Recommended reading:

https://httpd.apache.org/docs/2.4/logs.html

A typical access log structure looks as follow

LogFormat "%h %l %u %t \"%r\" %>s %b" common
CustomLog logs/access_log common

%h: IP of the visitor (it might be a VPN IP for instance).

%l RFC 1413 identity of the client (not check unless IdentityCheck set to On). Highly unreliable.

%u user id. If the document is not password protected, the value will be set to – as above.

%t The time the request was received

\”%r\” Request that the server received, between double quote. It starts with the method, then the requested resource, then the protocol (e.g. HTTP/2.0)

%>s The status code that the server sends back to the client

%b size of the object returned byt the server to the client.

Example:

213.18X.X.XXX – – [11/Oct/2019:11:52:08 +0300] “GET /index.phpXXXXXXX HTTP/2.0” 303 314 “https://example.com/” “Mozilla/5.0 (Windows NT 10.0; Win64; x64) AppleWebKit/537.36 (KHTML, like Gecko) Chrome/77.0.3865.90 Safari/537.36” (38FF183F-0.107)

You can see the two dash represented the fact that, for the first dash, the RFC 1413 identity is not used, and for the second, that the resource is public and no identification is requested.
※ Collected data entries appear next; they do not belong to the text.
(* Write t_k for the squared L^2 norm of v_k restricted to E.
   Since sum_k v_k(x)^2 <= M^2 on E, the t_k are summable with sum <= M^2 mu(E).
   For V, Cauchy-Schwarz gives (f, v_k)^2 <= |f|^2 t_k: the coordinates of a
   bounded sequence are dominated by a summable sequence, so a diagonal
   (Bolzano-Weierstrass) subsequence converges coordinatewise, and domination
   upgrades this to convergence in l^2.  For V^*, Cauchy-Schwarz in k bounds the
   tail sum_(k>=K) c_k v_k(x) by (sum_(k>=K) c_k^2) M^2 pointwise on E, which gives
   the L^2 convergence of the partial sums, and the splitting
     |V^* c|^2 <= 4 M^2 mu(E) sum_(k<K) c_k^2 + 4 |c|^2 sum_(k>=K) t_k
   turns coordinatewise convergence of a diagonal subsequence into convergence
   in L^2. *)

From HB Require Import structures.
From mathcomp Require Import all_boot all_order all_algebra.
From mathcomp Require Import all_classical all_reals all_analysis.
From mathcomp Require Import measurable_realfun ring lra.
Set Implicit Arguments. Unset Strict Implicit. Unset Printing Implicit Defensive.
Import Order.TTheory GRing.Theory Num.Theory.
Import numFieldNormedType.Exports.
Local Open Scope classical_set_scope.
Local Open Scope ring_scope.

Section real_inequalities.
Variable R : realFieldType.
Implicit Types a b A B C : R.

Lemma discriminant_le A B C : 0 <= B ->
  (forall l, 0 <= A - 2 * l * C + l ^+ 2 * B) -> C ^+ 2 <= A * B.
Proof.
move=> B0; have [->|Bn0] := eqVneq B 0 => H.
  have [->|Cn0] := eqVneq C 0; first by rewrite expr0n mulr0.
  have := H ((A + 1) / (2 * C)).
  have -> : A - 2 * ((A + 1) / (2 * C)) * C + ((A + 1) / (2 * C)) ^+ 2 * 0 = -1.
    by field.
  by rewrite lerNr oppr0 ler10.
have Bp : 0 < B by rewrite lt_neqAle eq_sym Bn0.
have := H (C / B).
have -> : A - 2 * (C / B) * C + (C / B) ^+ 2 * B = A - C ^+ 2 / B by field.
by rewrite subr_ge0 ler_pdivrMr.
Qed.

Lemma sqrrD_le a b : (a + b) ^+ 2 <= 2 * a ^+ 2 + 2 * b ^+ 2.
Proof. by have := sqr_ge0 (a - b); nra. Qed.

Lemma sqrrB_le a b : (a - b) ^+ 2 <= 2 * a ^+ 2 + 2 * b ^+ 2.
Proof. by rewrite -[b ^+ 2]sqrrN sqrrD_le. Qed.

Lemma normrM_le_sqrD a b : 2 * `|a * b| <= a ^+ 2 + b ^+ 2.
Proof.
rewrite normrM -(real_normK (num_real a)) -(real_normK (num_real b)).
by have := sqr_ge0 (`|a| - `|b|); nra.
Qed.

Lemma cauchy_schwarz_sum (m n : nat) (f g : nat -> R) :
  (\sum_(m <= k < n) f k * g k) ^+ 2 <=
  (\sum_(m <= k < n) f k ^+ 2) * (\sum_(m <= k < n) g k ^+ 2).
Proof.
apply: discriminant_le => [|l]; first by apply: sumr_ge0 => k _; exact: sqr_ge0.
have -> : \sum_(m <= k < n) f k ^+ 2 - 2 * l * (\sum_(m <= k < n) f k * g k)
    + l ^+ 2 * (\sum_(m <= k < n) g k ^+ 2) = \sum_(m <= k < n) (f k - l * g k) ^+ 2.
  rewrite !mulr_sumr -sumrN -!big_split /=.
  by apply: eq_bigr => k _; ring.
by apply: sumr_ge0 => k _; exact: sqr_ge0.
Qed.

Lemma sum_le_head_tail (f : nat -> R) (K : nat) e : (forall k, 0 <= f k) ->
  (forall N, \sum_(K <= k < N) f k <= e) ->
  forall N, \sum_(0 <= k < N) f k <= \sum_(0 <= k < K) f k + e.
Proof.
move=> f0 tail N.
rewrite (@le_trans _ _ (\sum_(0 <= k < maxn N K) f k)) //.
  rewrite (big_cat_nat (leq0n N) (leq_maxl N K)) /= lerDl.
  by apply: sumr_ge0 => k _.
by rewrite (big_cat_nat (leq0n K) (leq_maxr N K)) /= lerD2l.
Qed.

Lemma sum_sqrB_le (f g : nat -> R) (N : nat) X :
  \sum_(0 <= k < N) f k ^+ 2 <= X -> \sum_(0 <= k < N) g k ^+ 2 <= X ->
  \sum_(0 <= k < N) (f k - g k) ^+ 2 <= 4 * X.
Proof.
move=> fX gX; apply: le_trans (_ : \sum_(0 <= k < N) (2 * f k ^+ 2 + 2 * g k ^+ 2) <= _).
  by apply: ler_sum => k _; exact: sqrrB_le.
rewrite big_split /= -!mulr_sumr (_ : 4 * X = 2 * X + 2 * X); last by ring.
by rewrite lerD // ler_wpM2l.
Qed.

Lemma sum_suffix_le (f : nat -> R) (K m N : nat) : (forall k, 0 <= f k) ->
  (K <= m)%N -> \sum_(m <= k < N) f k <= \sum_(K <= k < N) f k.
Proof.
move=> f0 Km; have [mN|Nm] := leqP m N; last by rewrite big_geq ?(ltnW Nm) ?sumr_ge0.
by rewrite (big_cat_nat Km mN) /= lerDr sumr_ge0.
Qed.

End real_inequalities.

Lemma sqr_le_of_sqrt_le (R : rcfType) (a B : R) : 0 <= a -> Num.sqrt a <= B -> a <= B ^+ 2.
Proof.
move=> a0 aB; have B0 : 0 <= B := le_trans (sqrtr_ge0 a) aB.
by rewrite -(sqr_sqrtr a0) lerXn2r // ?nnegrE ?sqrtr_ge0.
Qed.

Section real_sequences.
Variable R : realType.

Lemma cvg_sqrt0 (q : R^nat) :
  q @ \oo --> 0 -> (fun n => Num.sqrt (q n)) @ \oo --> 0.
Proof. by move=> q0; rewrite -sqrtr0; apply: continuous_cvg => //; exact: sqrt_continuous. Qed.

Lemma cvg_sqr (u : R^nat) (l : R) :
  u @ \oo --> l -> (fun n => u n ^+ 2) @ \oo --> l ^+ 2.
Proof. by move=> ul; rewrite expr2; under eq_fun do rewrite expr2; exact: cvgM. Qed.

Lemma cvg_le_ub (u : R^nat) (l b : R) :
  u @ \oo --> l -> (forall n, u n <= b) -> l <= b.
Proof. by move=> ul ub; apply: (ler_cvg_to ul (cvg_cst b)); exact: nearW. Qed.

Lemma cvg_sum_nat (f : nat -> nat -> R) (l : nat -> R) (K : nat) :
  (forall k, (fun n => f n k) @ \oo --> l k) ->
  (fun n => \sum_(0 <= k < K) f n k) @ \oo --> \sum_(0 <= k < K) l k.
Proof. by move=> fl; apply: cvg_big => [|k _]; [exact: add_continuous | exact: fl]. Qed.

Lemma cvg_sum_sqr_sub0 (a : nat -> nat -> R) (y : nat -> R) (K : nat) :
  (forall k, (fun n => a n k) @ \oo --> y k) ->
  (fun n => \sum_(0 <= k < K) (a n k - y k) ^+ 2) @ \oo --> 0.
Proof.
move=> ay; have := cvg_sum_nat (f := fun n k => (a n k - y k) ^+ 2)
  (l := fun k => (y k - y k) ^+ 2) (K := K).
rewrite [X in _ --> X]big1 => [|k _]; last by rewrite subrr expr0n.
by apply=> k; apply: cvg_sqr; apply: cvgB => //; exact: cvg_cst.
Qed.

Lemma summable_tail_le (a : nat -> R) (S : R) : (forall k, 0 <= a k) ->
  (forall N, \sum_(0 <= k < N) a k <= S) ->
  forall e, 0 < e -> exists K, forall N, \sum_(K <= k < N) a k <= e.
Proof.
move=> a0 aS e e0.
have nd : nondecreasing_seq (series a).
  by apply/nondecreasing_seqP => n; rewrite /series /= big_nat_recr //= lerDl.
have cv : cvgn (series a).
  by apply: nondecreasing_is_cvgn nd _; exists S => _ [n _ <-]; exact: aS.
have [K _ HK] := (cvgrPdist_le _ _).1 cv e e0.
exists K => N; have [KN|NK] := leqP K N; last by rewrite big_geq ?(ltW e0) // ltnW.
have := nondecreasing_cvgn_le nd cv N.
rewrite /series /= (big_cat_nat (leq0n K) KN) /= -lerBrDl => /le_trans; apply.
by have /ler_normlP[] := HK K (leqnn K).
Qed.

Lemma cvg0_of_approx (q : R^nat) (h : nat -> R^nat) (C : R) : 0 <= C ->
  (forall n, 0 <= q n) -> (forall K, h K @ \oo --> 0) ->
  (forall e, 0 < e -> exists K, \forall n \near \oo, q n <= h K n + C * e) ->
  q @ \oo --> 0.
Proof.
move=> C0 q0 h0 approx; apply/cvgrPdist_le => e e0.
have C1 : 0 < C + 1 by rewrite ltr_wpDl.
have e20 : 0 < e / 2 by rewrite divr_gt0.
have [K HK] := approx (e / 2 / (C + 1)) (divr_gt0 e20 C1).
have Ce : C * (e / 2 / (C + 1)) <= e / 2.
  have -> : C * (e / 2 / (C + 1)) = e / 2 * (C / (C + 1)).
    by field; rewrite lt0r_neq0.
  by apply: ler_piMr; [exact: ltW | rewrite ler_pdivrMr // mul1r lerDl].
move/cvgrPdist_le : (h0 K) => /(_ _ e20) hK.
near=> n; rewrite sub0r normrN ger0_norm //.
apply: le_trans (_ : h K n + C * (e / 2 / (C + 1)) <= _); first by near: n.
rewrite [leRHS]splitr lerD //.
have : `|0 - h K n| <= e / 2 by near: n.
by rewrite sub0r normrN => /(le_trans (ler_norm _)).
Unshelve. all: by end_near. Qed.

End real_sequences.

Lemma increasing_seq_ge (f : nat -> nat) : increasing_seq f -> forall n, (n <= f n)%N.
Proof. by move=> /increasing_seqP finc; elim=> // n IH; exact: leq_ltn_trans IH (finc n). Qed.
Lemma is_derive_tau_soft_line A (r v : X -> R) : face A r -> tangent A v ->
  is_derive (0 : R) (1 : R) (fun t : R => tau_soft al b f (fun a => r a + t * v a))
    (\sum_a v a * soft_grad al b r f a).
Proof.
move=> rA vA; apply/is_derive1_quotientP.
have -> : (fun a => r a + 0 * v a) = r by apply: funext => a; rewrite mul0r addr0.
under eq_fun do rewrite addr0.
have rhov a : (fun h => h^-1 * (r a + h * v a - r a)) @ 0^' --> v a.
  apply/cvgrPdist_lt => e e0; near=> h.
  have h0 : h != 0 by near: h; exact: nbhs_dnbhs_neq.
  by rewrite (addrC (r a)) addrK mulKf // subrr normr0.
have gamdg a : (fun h : R => h^-1 * (f a - f a)) @ 0^' --> (0 : R).
  by rewrite subrr; under eq_fun do rewrite mulr0; exact: cvg_cst.
have id0 : id @ (0 : R)^' --> (0 : R) by exact: cvg_within.
have lines : \forall h \near (0 : R)^', simplex (fun a => r a + h * v a).
  exact: nbhs_dnbhs (near_simplex_face_line rA vA).
have := tau_soft_diff_quotient al01 b_gt0 (dnbhs_filter (0 : R)) id0 (nbhs_dnbhs_neq 0) rA.1
  lines rhov gamdg.
have -> : \sum_a r a * sigma' b (f a - tau_soft al b f r) * 0 = 0.
  by rewrite big1 // => a _; rewrite mulr0.
by rewrite mul0r addr0.
Unshelve. all: by end_near.
Qed.

Lemma C1_on_face_tau_soft A : C1_on_face A (tau_soft al b f).
Proof.
exists (fun r => soft_grad al b r f); split.
  by move=> r rA v vA; apply: (is_derive_tau_soft_line rA vA).
move=> a _; apply/subspace_continuousP => r rA.
apply: (cvg_soft_grad al01 b_gt0 (within_filter _ _) rA.1) => [|u|u].
- by apply: filterS (near_withinT _ _) => p [].
- exact: cvg_coord_within.
- exact: cvg_cst.
Qed.
(* Let $n\ge3$ and $\pi\in\mathrm{Eq}(\mathsf{B}_n)$. If the variety $\mathbf{A}_n\{\mathsf{Id}(\pi)\}$ satisfies an identity $\mathbf{u}\approx\mathbf{v}$ with $\mathbf{u}\in\mathsf{B}_n$, then $\mathbf{v}\in\mathsf{B}_n$ and $(\mathbf{u},\mathbf{v})\in\pi$.
   Context: All varieties are varieties of monoids (signature: associative binary operation and identity constant $1$). Words are elements of the free monoid $X^*$ over a countably infinite set $X$ of variables; identities are pairs of words, and variables may be substituted by $1$. For a variety $\mathbf{V}$ and set $\Sigma$ of identities, $\mathbf{V}\Sigma$ is the subvariety of $\mathbf{V}$ defined by $\Sigma$. $\mathbf{O}$ is the variety defined by $xyt_1xt_2y \approx yxt_1xt_2y$, $xt_1xyt_2y \approx xt_1yxt_2y$, $xt_1yt_2xy \approx xt_1yt_2yx$. For $n\ge3$, $\mathtt{A}_n$ is $x^n t_1\cdots t_n \approx t_1x\,t_2x\cdots t_nx$, $\mathbf{A}_n=\mathbf{O}\{\mathtt{A}_n\}$, and $\mathsf{B}_n=\{x^{n-1-j}tx^{j}:0\le j\le n-1\}$ (with $x,t$ distinct variables). For a set $\mathsf{W}$ of words, $\mathrm{Eq}(\mathsf{W})$ is the lattice of equivalence relations on $\mathsf{W}$ and $\mathsf{Id}(\pi)=\{\mathbf{u}\approx\mathbf{v}:(\mathbf{u},\mathbf{v})\in\pi\}$. *)

From mathcomp Require Import all_boot.
Set Implicit Arguments. Unset Strict Implicit. Unset Printing Implicit Defensive.

Record monoid := Monoid {
  mcar :> Type;
  mop : mcar -> mcar -> mcar;
  mone : mcar;
  mopA : forall a b c, mop a (mop b c) = mop (mop a b) c;
  mop1l : forall a, mop mone a = a;
  mop1r : forall a, mop a mone = a
}.

Definition word := seq nat.

Definition eval (M : monoid) (s : nat -> M) (w : word) : M :=
  foldr (fun x acc => mop (s x) acc) (mone M) w.

Definition sat (M : monoid) (u v : word) : Prop :=
  forall s : nat -> M, eval s u = eval s v.

(* Defining identities of O; variables x=0, y=1, t1=2, t2=3. *)
Definition sat_O (M : monoid) : Prop :=
  [/\ sat M [:: 0; 1; 2; 0; 3; 1] [:: 1; 0; 2; 0; 3; 1],
      sat M [:: 0; 2; 0; 1; 3; 1] [:: 0; 2; 1; 0; 3; 1]
    & sat M [:: 0; 2; 1; 3; 0; 1] [:: 0; 2; 1; 3; 1; 0] ].

(* A_n : x^n t1 ... tn ~ t1 x t2 x ... tn x, with x = 0, t_i = i. *)
Definition An_lhs (n : nat) : word := nseq n 0 ++ iota 1 n.
Definition An_rhs (n : nat) : word := flatten [seq [:: i; 0] | i <- iota 1 n].

(* B_n = { x^(n-1-j) t x^j : 0 <= j <= n-1 }, with x = 0, t = 1. *)
Definition Bword (n j : nat) : word := nseq (n - 1 - j) 0 ++ 1 :: nseq j 0.
Definition inB (n : nat) (w : word) : Prop := exists2 j, j < n & w = Bword n j.

Definition eqrel_on_B (n : nat) (pi : word -> word -> Prop) : Prop :=
  [/\ forall u v, pi u v -> inB n u /\ inB n v,
      forall u, inB n u -> pi u u,
      forall u v, pi u v -> pi v u
    & forall u v w, pi u v -> pi v w -> pi u w ].

(* Membership of M in the variety A_n{Id(pi)} = O{A_n}{Id(pi)}. *)
Definition in_AnId (n : nat) (pi : word -> word -> Prop) (M : monoid) : Prop :=
  [/\ sat_O M, sat M (An_lhs n) (An_rhs n) & forall u v, pi u v -> sat M u v].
Here you can see there are extra info after the size of the object returned. This indicates the server is using combined log format which goes as follow:

 "%h %l %u %t \"%r\" %>s %b \"%{Referer}i\" \"%{User-agent}i\"" 

\”%{Referer}i\” being the referer (e.g. a link to your site on another web site or a form with a POST action to your server)

\”%{User-agent}i\” the user agent (e.g. the browser specification used to navigate your site)

In a more readable way, you will often see your access log as follow:

IP – – [DATE and TIME] “METHOD /URLREQUESTED PROTOCOL” SERVER_RESPONSE_CODE OBJECT_SIZE “REFERER_URL” “USER_AGENT”